We have touched on the following before. The point remains a valid concern, however.
Considerable misunderstanding often attends Jesus' words of Matthew 24:37-41 and Luke 17:34-37 in which he details a separation of the wise and prepared from the undiscerning and unprepared at his coming. At this point some are "taken" and others "left."
The theme of the passage is "the days of Noah" - that which occurred in his day prefiguring the time of Christ's return. Insensible to the times, the world at large "knew not until the flood came and took them all away." At Christ's coming many shall again be taken, "as in the days of Noah."

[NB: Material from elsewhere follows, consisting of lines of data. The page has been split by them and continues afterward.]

(* Let $\Omega\subset\mathbb{R}^3$ be the open octahedron with vertices $\pm e_1,\pm e_2,\pm e_3$ ($e_m$ the unit vectors), and let $\mathcal{T}$ be its partition into the eight congruent tetrahedra each of which is the convex hull of one 2-face of $\Omega$ and the origin. Define the piecewise constant function $\bar q_h(x)=\operatorname{sgn}(x_1)\operatorname{sgn}(x_2)\operatorname{sgn}(x_3)$ for $x=(x_1,x_2,x_3)\in\Omega$. Then $\bar q_h\in\mathcal{L}^0_0(\mathcal{T})\cap L^2_0(\Omega)$ and \[\langle\operatorname{div}v_h,\bar q_h\rangle=0\qquad\text{for all } v_h\in\mathcal{L}^1_2(\mathcal{T};\mathbb{R}^3)\cap W^{1,1}_0(\Omega;\mathbb{R}^3).\]
   Context: $\mathcal{L}^s_k(\mathcal{T})$ denotes the space of functions in $W^{s,1}(\Omega)$ that are piecewise polynomials of degree at most $k$ on $\mathcal{T}$ (so $\mathcal{L}^0_0(\mathcal{T})$ are piecewise constants and $\mathcal{L}^1_2(\mathcal{T};\mathbb{R}^3)$ are continuous piecewise quadratic vector fields). $L^2_0(\Omega)$ is the space of $L^2$ functions with zero mean, and $\langle\cdot,\cdot\rangle$ the $L^2(\Omega)$ inner product. *)

From HB Require Import structures.
From mathcomp Require Import all_boot all_order all_algebra.
From mathcomp Require Import all_classical all_reals all_analysis.
Set Implicit Arguments. Unset Strict Implicit. Unset Printing Implicit Defensive.
Import Order.TTheory GRing.Theory Num.Theory.
Import numFieldNormedType.Exports.
Local Open Scope classical_set_scope.
Local Open Scope ring_scope.

Section Octa.
Variable R : realType.

Definition X1 (x : R * R * R) : R := x.1.1.
Definition X2 (x : R * R * R) : R := x.1.2.
Definition X3 (x : R * R * R) : R := x.2.

Definition leb3 := (((@lebesgue_measure R) \x (@lebesgue_measure R)) \x (@lebesgue_measure R))%E.

Definition Omega : set (R * R * R) := [set x | `|X1 x| + `|X2 x| + `|X3 x| < 1].

Definition sgnb (b : bool) : R := if b then 1 else -1.

(* closed tetrahedron: convex hull of the origin and the 2-face of Omega
   lying in the octant with signs (sgnb b1, sgnb b2, sgnb b3) *)
Definition tetra (b1 b2 b3 : bool) : set (R * R * R) :=
  [set x | 0 <= sgnb b1 * X1 x /\ 0 <= sgnb b2 * X2 x /\ 0 <= sgnb b3 * X3 x /\
           sgnb b1 * X1 x + sgnb b2 * X2 x + sgnb b3 * X3 x <= 1].

Definition P2 (p : R * R * R -> R) : Prop :=
  exists c a1 a2 a3 b11 b22 b33 b12 b13 b23 : R, forall x,
    p x = c + a1 * X1 x + a2 * X2 x + a3 * X3 x
          + b11 * X1 x ^+ 2 + b22 * X2 x ^+ 2 + b33 * X3 x ^+ 2
          + b12 * X1 x * X2 x + b13 * X1 x * X3 x + b23 * X2 x * X3 x.

(* scalar component of an element of L^1_2(T): on each closed tetrahedron it
   coincides with a polynomial of degree <= 2 (a single function agreeing with
   the pieces on the closed cells is exactly a continuous piecewise quadratic) *)
Definition L12 (f : R * R * R -> R) : Prop :=
  forall b1 b2 b3 : bool, exists p, P2 p /\ forall x, tetra b1 b2 b3 x -> f x = p x.

Definition zero_on_bd (f : R * R * R -> R) : Prop :=
  forall x, `|X1 x| + `|X2 x| + `|X3 x| = 1 -> f x = 0.

(* divergence of (v1, v2, v3), computed with classical partial derivatives
   (which coincide a.e. with the weak ones for continuous piecewise polynomials) *)
Definition div3 (v1 v2 v3 : R * R * R -> R) (x : R * R * R) : R :=
  derive1 (fun t => v1 ((t, X2 x), X3 x)) (X1 x)
  + derive1 (fun t => v2 ((X1 x, t), X3 x)) (X2 x)
  + derive1 (fun t => v3 ((X1 x, X2 x), t)) (X3 x).

Definition qbar (x : R * R * R) : R := Num.sg (X1 x) * Num.sg (X2 x) * Num.sg (X3 x).

End Octa.

From HB Require Import structures.
From mathcomp Require Import all_boot all_order all_algebra.
From mathcomp Require Import all_classical all_reals all_analysis.
From mathcomp Require Import measurable_realfun ring lra.
Set Implicit Arguments. Unset Strict Implicit. Unset Printing Implicit Defensive.
Import Order.TTheory GRing.Theory Num.Theory.
Import numFieldNormedType.Exports.
Local Open Scope classical_set_scope.
Local Open Scope ring_scope.

(* On the tetrahedron T_b of the octant with signs b, qbar is the constant
   s_b = sgnb b1 * sgnb b2 * sgnb b3, so <div v, qbar> = sum_b s_b \int_{T_b} div v, and by the
   divergence theorem each term is a sum of face integrals of v.n. The outer faces lie on the
   boundary of Omega, where v vanishes; every other face lies in a coordinate plane and is shared
   by two tetrahedra of opposite sign, so these contributions cancel in pairs. On each open tetrahedron div v * qbar is affine in
   |x1|, |x2|, |x3|, and Tonelli's theorem gives its integral. Since v is quadratic on T_b, the
   edge-midpoint rule integrates it exactly over the faces, which turns that integral into a
   combination of values of v at midpoints of edges of T_b. The midpoints on the boundary of Omega
   contribute nothing and the remaining terms cancel in the sum over the eight octants. *)

Section sgnb_lemmas.
Variable R : realType.

Lemma sgnb_sqr b : sgnb R b * sgnb R b = 1.
Proof. by case: b; rewrite /sgnb ?mulr1 ?mulrNN ?mulr1. Qed.

Lemma normr_sgnb b : `|sgnb R b| = 1.
Proof. by case: b; rewrite /sgnb ?normrN normr1. Qed.

Lemma sgnb_gt0_mul (a : R) : sgnb R (0 < a) * a = `|a|.
Proof.
rewrite /sgnb; case: ifPn => [a0|]; first by rewrite mul1r gtr0_norm.
by rewrite -leNgt mulN1r => /ler0_norm.
Qed.

Lemma sgr_sgnb (a : R) : a != 0 -> Num.sg a = sgnb R (0 < a).
Proof. by case: (ltgtP a 0) => // a0 _; rewrite /sgnb ?(gtr0_sg a0) ?(ltr0_sg a0). Qed.
(* The left-hand side has derivative 0 and equals PI / 2 at x = 0. *)
Lemma gauss_int_sqr_add (x : R) : gauss_int x ^ 2 + 2 * RInt (gauss_aux x) 0 1 = PI / 2.
Proof.
  set (lhs := fun x => gauss_int x ^ 2 + 2 * RInt (gauss_aux x) 0 1).
  assert (Hlhs_derive : forall y, is_derive lhs y 0).
  { intros y.
    assert (Hd := is_derive_plus (V := R_NormedModule) _ _ y _ _
                    (is_derive_pow _ 2 _ _ (is_derive_gauss_int y))
                    (is_derive_scal _ _ 2 _ (is_derive_RInt_gauss_aux y))).
    replace (plus _ _) with 0 in Hd by (change (0 = INR 2 * gauss y * gauss_int y ^ 1 +
                                         2 * (- gauss y * gauss_int y)); simpl; ring).
    exact Hd. }
  assert (Hlhs0 : lhs 0 = PI / 2).
  { unfold lhs, gauss_int. rewrite RInt_gauss_aux_0, RInt_point.
    change (0 ^ 2 + 2 * (PI / 4) = PI / 2). field. }
  rewrite <- Hlhs0. fold (lhs x).
  destruct (Rtotal_order x 0) as [Hx | [-> | Hx]]; [| reflexivity |].
  - apply (eq_is_derive (V := R_NormedModule)); [intros; apply Hlhs_derive | exact Hx].
  - symmetry; apply (eq_is_derive (V := R_NormedModule)); [intros; apply Hlhs_derive | exact Hx].
Qed.

Lemma gauss_int_abs_le (x : R) : Rabs (gauss_int x) <= sqrt (PI / 2).
Proof.
  assert (Haux : 0 <= RInt (gauss_aux x) 0 1).
  { apply RInt_ge_0; [lra | apply ex_RInt_gauss_aux | intros t _].
    apply Rlt_le, Rdiv_lt_0_compat; [apply exp_pos | apply one_add_sqr_pos]. }
  rewrite <- sqrt_Rsqr_abs. apply sqrt_le_1_alt.
  pose proof (gauss_int_sqr_add x) as Hsum. unfold Rsqr. simpl in Hsum. lra.
Qed.

Lemma monotone_lim_m_infty (f : R -> R) (M : R) :
  (forall x y, x <= y -> f x <= f y) -> (forall x, M <= f x) ->
  exists l, M <= l /\ filterlim f (Rbar_locally m_infty) (locally l).
Proof.
  intros Hmono HM.
  set (E := fun z => exists x, z = - f x).
  assert (HE_ub : is_upper_bound E (- M)) by (intros z [x ->]; specialize (HM x); lra).
  destruct (completeness E (ex_intro _ _ HE_ub) (ex_intro _ _ (ex_intro _ 0 eq_refl)))
    as [L [HL_ub HL_least]].
  exists (- L). split; [specialize (HL_least _ HE_ub); lra|].
  apply filterlim_locally; intros eps.
  destruct (not_all_not_ex _ (fun x => L - eps < - f x)) as [x0 Hx0].
  { intros Hnone. pose proof (cond_pos eps).
    enough (L <= L - eps) by lra.
    apply HL_least. intros z [x ->]. apply Rnot_lt_le, Hnone. }
  exists x0. intros x Hx.
  assert (- f x <= L) by (apply HL_ub; exists x; reflexivity).
  specialize (Hmono x x0 (Rlt_le _ _ Hx)).
  change (Rabs (f x - - L) < eps). apply Rabs_def1; lra.
Qed.
Section Conley.
Context {R : realType} {X : pseudoMetricType R}.

(* A map f : U -> X is represented by a total f : X -> X; only its values
   on the domain U matter. *)
Definition InvSet (U : set X) (f : X -> X) (N : set X) : set X :=
  [set x | N x /\ exists sigma : int -> X,
     sigma 0 = x /\ forall n : int,
       U (sigma n) /\ N (sigma n) /\ f (sigma n) = sigma (n + 1)].

Definition isolating_nbhd (U : set X) (f : X -> X) (N : set X) : Prop :=
  compact N /\ N `<=` U /\ InvSet U f N `<=` interior N.

Definition isolated_invariant_set (U : set X) (f : X -> X) (S : set X) : Prop :=
  exists N, isolating_nbhd U f N /\ S = InvSet U f N.

Definition isolating_block (U : set X) (f : X -> X) (N : set X) : Prop :=
  compact N /\ N `<=` U /\
  (f @` N) `&` N `&` (U `&` f @^-1` N) `<=` interior N.

Definition exit_set (f : X -> X) (N : set X) : set X :=
  [set x | N x /\ ~ interior N (f x)].

Definition nbhd_in (N A L : set X) : Prop :=
  L `<=` N /\ exists O : set X, open O /\ A `<=` O /\ O `&` N `<=` L.

Definition filtration_pair (U : set X) (f : X -> X) (S N L : set X) : Prop :=
  compact L /\ compact N /\ L `<=` N /\
  N `<=` interior U /\ L `<=` interior U /\
  closure (interior N) = N /\ closure (interior L) = L /\
  isolating_nbhd U f (closure (N `\` L)) /\ InvSet U f (closure (N `\` L)) = S /\
  nbhd_in N (exit_set f N) L /\
  (f @` L) `&` closure (N `\` L) = set0.

Definition cont_on (U : set X) (f : X -> X) : Prop :=
  forall x, U x -> {for x, continuous f}.

End Conley.

From HB Require Import structures.
From mathcomp Require Import all_boot all_order all_algebra.
From mathcomp Require Import all_classical all_reals all_analysis.

Set Implicit Arguments.
Unset Strict Implicit.
Unset Printing Implicit Defensive.
Import Order.TTheory GRing.Theory Num.Theory.
Local Open Scope classical_set_scope.
Local Open Scope ring_scope.

(* Let D := stay2 f N be the set of points of N whose first two iterates stay
   in N.  The block property says exactly that D misses the exit set N^-, and D is closed,
   so W := ~D is an open neighbourhood of N^-.  If L lies in W, no point of L
   has two iterates in N; hence f(L) misses cl(N \ L), and Inv(N \ L) = Inv N.
   The three properties that make (N, L) a filtration pair -- N^- has a
   neighbourhood V with V /\ N in L, f(L) misses cl(N \ L), and Inv N lies in
   Int N -- each say that a continuous map sends a compact set into the
   complement of a closed set, so by compactness they survive C^0-small
   perturbations of f on N.  For the last one the map is x |-> (x, f x) on the
   boundary of N and the closed set is f(N) x N, which it misses by the block
   property. *)

Lemma closed_setX {T1 T2 : topologicalType} (A : set T1) (B : set T2) :
  closed A -> closed B -> closed (A `*` B).
Proof.
move=> cA cB; rewrite -[_ `*` _]/(fst @^-1` A `&` snd @^-1` B).
by apply: closedI; apply: preimage_closed => // -[a b] _; [exact: cvg_fst | exact: cvg_snd].
Qed.

Lemma closure_setD_sub {T : topologicalType} (A B : set T) :
  closed A -> closure (A `\` B) `<=` A.
Proof. by move=> cA; rewrite [X in _ `<=` X](closure_id _).1 //; exact: closureS. Qed.

Lemma closure_mapsto {T1 T2 : topologicalType} (A : set T1) (C : set T2)
    (h : T1 -> T2) x :
  closed C -> {for x, continuous h} -> closure A x -> h @` A `<=` C -> C (h x).
Proof.
move=> cC hx clAx hAC; apply: contrapT => nCx.
have /hx /clAx [y [Ay /= nCy]] : nbhs (h x) (~` C).
  by apply: open_nbhs_nbhs; split => //; exact: closed_openC.
by apply: nCy; apply: hAC; exists y.
Qed.

Lemma compact_near_ball_avoid {R : realType} {X Y : pseudoMetricType R}
    (A : set X) (C : set Y) (h : X -> Y) :
  compact A -> closed C -> (forall x, A x -> {for x, continuous h}) ->
  (forall x, A x -> ~ C (h x)) ->
  \forall e \near (0 : R)^'+, forall z w, A z -> ball (h z) e w -> ~ C w.
Proof.
move=> /compact_near_coveringP cA cC hc hAC.
pose P e z := forall w, ball (h z) e w -> ~ C w.
suff /(cA _ _ P _) : forall x, A x -> \forall x' \near x & e \near (0 : R)^'+, P e x'.
  by apply: filterS => e AP z w /AP; apply.
move=> x Ax; have /nbhs_ballP [r /= r0 rC] : nbhs (h x) (~` C).
  by apply: open_nbhs_nbhs; split; [exact: closed_openC | exact: hAC].
have r20 : 0 < r / 2 by rewrite divr_gt0.
near=> x' e.
have hx'x : ball (h x) (r / 2) (h x') by near: x'; apply: hc => //; exact: nbhsx_ballx.
have er : e <= r / 2 by apply: ltW; near: e; exact: nbhs_right_lt.
move=> w /(le_ball er) hx'w; apply: rC.
by rewrite [r]splitr; exact: ball_triangle hx'x hx'w.
Unshelve. all: end_near. Qed.

Section InvariantSets.
Context {R : realType} {X : pseudoMetricType R} (U : set X) (h : X -> X).

Lemma InvSetS (M1 M2 : set X) :
  M1 `<=` M2 -> InvSet U h M1 `<=` InvSet U h M2.
Proof.
move=> M12 x [M1x [sig [sig0 hsig]]]; split; first exact: M12.
exists sig; split => // n; have [? [? ?]] := hsig n; split => //; split => //.
exact: M12.
Qed.

Lemma solution_InvSet (M : set X) (sig : int -> X) :
  (forall n, U (sig n) /\ M (sig n) /\ h (sig n) = sig (n + 1)) ->
  forall n, InvSet U h M (sig n).
Proof.
move=> hsig n; split; first by have [_ []] := hsig n.
exists (fun k => sig (n + k)); split; first by rewrite addr0.
by move=> k; rewrite addrA; exact: hsig.
Qed.

Lemma InvSet_closureD (N L : set X) :
  closed N -> h @` L `&` closure (N `\` L) = set0 ->
  InvSet U h (closure (N `\` L)) = InvSet U h (N `\` L).
Proof.
move=> cN hLNL; apply/seteqP; split; last exact/InvSetS/subset_closure.
move=> x [_ [sig [sig0 hsig]]].
have NLsig n : (N `\` L) (sig n).
  have [_ [NLn hsign]] := hsig n; split; first exact: closure_setD_sub NLn.
  move=> Ln; have [_ [NLn1 _]] := hsig (n + 1).
  by rewrite -[False]/(set0 (sig (n + 1))) -hLNL; split => //; exists (sig n).
split; first by rewrite -sig0.
by exists sig; split => // n; have [? [_ ?]] := hsig n; split.
Qed.

End InvariantSets.

Section FiltrationPairs.
Context {R : realType} {X : pseudoMetricType R} (U : set X) (h : X -> X).
Variables N L : set X.
Hypotheses (hX : hausdorff_space X) (cN : compact N) (cL : compact L).
Hypotheses (hLNL : h @` L `&` closure (N `\` L) = set0)
  (InvN : InvSet U h N `<=` interior N).

Lemma isolating_nbhd_closureD :
  N `<=` U -> isolating_nbhd U h (closure (N `\` L)).
Proof.
move=> NU; have NLN := closure_setD_sub (B := L) (compact_closed hX cN).
split; first exact: subclosed_compact (@closed_closure _ _) cN NLN.
split; first by move=> y /NLN /NU.
rewrite (InvSet_closureD _ (compact_closed hX cN) hLNL) => x Invx; have [[_ nLx] _] := Invx.
have : open_nbhs x (interior N `&` ~` L).
  split; last by split => //; apply: InvN; apply: InvSetS Invx => ? [].
  by apply: openI; [exact: open_interior | exact: closed_openC (compact_closed hX cL)].
move=> /open_nbhs_nbhs; apply: filterS => y [Ny nLy].
by apply: subset_closure; split => //; exact: interior_subset.
Qed.

Lemma filtration_pair_setD : open U -> N `<=` U ->
  closure (interior N) = N -> closure (interior L) = L ->
  nbhd_in N (exit_set h N) L ->
  isolated_invariant_set U h (InvSet U h (N `\` L)) /\
  filtration_pair U h (InvSet U h (N `\` L)) N L.
Proof.
move=> oU NU intN intL [LN nbL].
have InvNL := InvSet_closureD U (compact_closed hX cN) hLNL.
have iso := isolating_nbhd_closureD NU.
split; first by exists (closure (N `\` L)).
rewrite /filtration_pair (_ : interior U = U); last exact/interior_id.
have LU : L `<=` U by move=> ? /LN /NU.
by do 10 split => //.
Qed.

End FiltrationPairs.

Section IsolatingBlock.
Context {R : realType} {X : pseudoMetricType R} (U : set X) (f : X -> X).
Variable N : set X.
Hypotheses (hX : hausdorff_space X) (fc : cont_on U f) (cN : compact N)
  (NU : N `<=` U) (blk : f @` N `&` N `&` (U `&` f @^-1` N) `<=` interior N).

Let clN : closed N := compact_closed hX cN.

Definition stay2 := [set y | N y /\ N (f y) /\ N (f (f y))].

Lemma closed_stay2 : closed stay2.
Proof.
move=> x clx; have Nx : N x by apply: clN; apply: closureS clx => ? [].
have fx := fc (NU Nx).
have Nfx : N (f x) by apply: closure_mapsto clN fx clx _ => _ [y [_ [? _]] <-].
split; [|split] => //; apply: (@closure_mapsto _ _ _ _ (f \o f) _ clN _ clx).
  exact: continuous_comp fx (fc (NU Nfx)).
by move=> _ [y [_ [_ ?]] <-].
Qed.

Lemma exit_set_stay2 : exit_set f N `<=` ~` stay2.
Proof.
move=> y [Ny nfy] [_ [Nfy Nffy]]; apply: nfy; apply: blk.
by split; [split; [exists y|] | split; [exact: NU|]].
Qed.

Lemma InvSet_stay2 : InvSet U f N `<=` stay2.
Proof.
move=> x [Nx [sig [sig0 hsig]]].
have [_ [_ e0]] := hsig 0; have [_ [N1 e1]] := hsig 1; have [_ [N2 _]] := hsig (1 + 1).
by rewrite add0r in e0; rewrite -sig0 /stay2 /= e0 e1 sig0.
Qed.

Lemma InvSet_setD_stay2 (L : set X) :
  L `<=` ~` stay2 -> InvSet U f (N `\` L) = InvSet U f N.
Proof.
move=> Lstay; apply/seteqP; split; first by apply: InvSetS => ? [].
move=> x [_ [sig [sig0 hsig]]].
have NLsig n : (N `\` L) (sig n).
  have /InvSet_stay2 stay := solution_InvSet hsig n.
  by split; [exact: stay.1 | move=> /Lstay].
split; first by rewrite -sig0.
by exists sig; split => // n; have [? [_ ?]] := hsig n; split.
Qed.

Lemma image_closureD_stay2 (L : set X) :
  nbhd_in N (exit_set f N) L -> L `<=` ~` stay2 ->
  f @` L `&` closure (N `\` L) = set0.
Proof.
move=> [LN [V [oV [exitV VNL]]]] Lstay.
have NLNV : closure (N `\` L) `<=` N `&` ~` V.
  rewrite [X in _ `<=` X](closure_id _).1; last exact: closedI (open_closedC oV).
  by apply: closureS => z [Nz nLz]; split => // Vz; apply: nLz; exact: VNL.
apply/seteqP; split => // _ [[z Lz <-] /NLNV [Nfz nVfz]].
apply: (Lstay z Lz); split; first exact: LN.
split => //; apply: interior_subset; apply: contrapT => nffz.
by apply: nVfz; apply: exitV.
Qed.

Lemma near_exit_set_sub (V : set X) : open V -> exit_set f N `<=` V ->
  \forall e \near (0 : R)^'+, forall g : X -> X,
    (forall x, N x -> ball (f x) e (g x)) -> exit_set g N `<=` V.
Proof.
move=> oV exitV.
have inside : forall x, (N `&` ~` V) x -> ~ (~` interior N) (f x).
  by move=> x [Nx nVx] nfx; apply: nVx; apply: exitV.
have := compact_near_ball_avoid (compact_closedI cN (open_closedC oV))
  (open_closedC (@open_interior _ N)) (fun x Ax => fc (NU Ax.1)) inside.
apply: filterS => e avoid g close x [Nx ngx]; apply: contrapT => nVx.
exact: avoid (conj Nx nVx) (close x Nx) ngx.
Qed.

Luke notes that at this point of discourse the Disciples asked as to the destination of those so "taken." Jesus answered with a proverb: "Where the corpse is the vultures will gather" (Luke 17:37). By what stretch of imagination one is to here discern a "Rapture to heaven" is typically not explained by those of such persuasion. It is not the righteous but unrighteous who are "taken," not to heaven but rather destruction "as in the days of Noah" - the presence of vultures constituting a consistent biblical metaphor for judgment and doom (e.g., I Sam. 17:46; Jer. 16:4; Ezek. 39:17-24; Matt. 24:28; Rev. 19:17, etc.)
The basing of meaning upon predetermined premise - as in the foregoing - well demonstrates the vulnerability often attendant a "proof text" approach to Scripture wherein meaning becomes defined, not by the text, but rather presupposition. This may be seen, for example, in the biblical record of angels singing "Glory to God in the highest..." at Jesus' birth - that is, until one actually reads the account. The angels did not sing. They rather said, "Glory to God in the highest..." (Luke 2:13).
While perhaps not the most significant of concerns, the foregoing nonetheless conveys an important principle: Context and objective observation, as opposed to predetermined assumption, becomes vital to meaningful perception. We have sometimes fallen short at this point.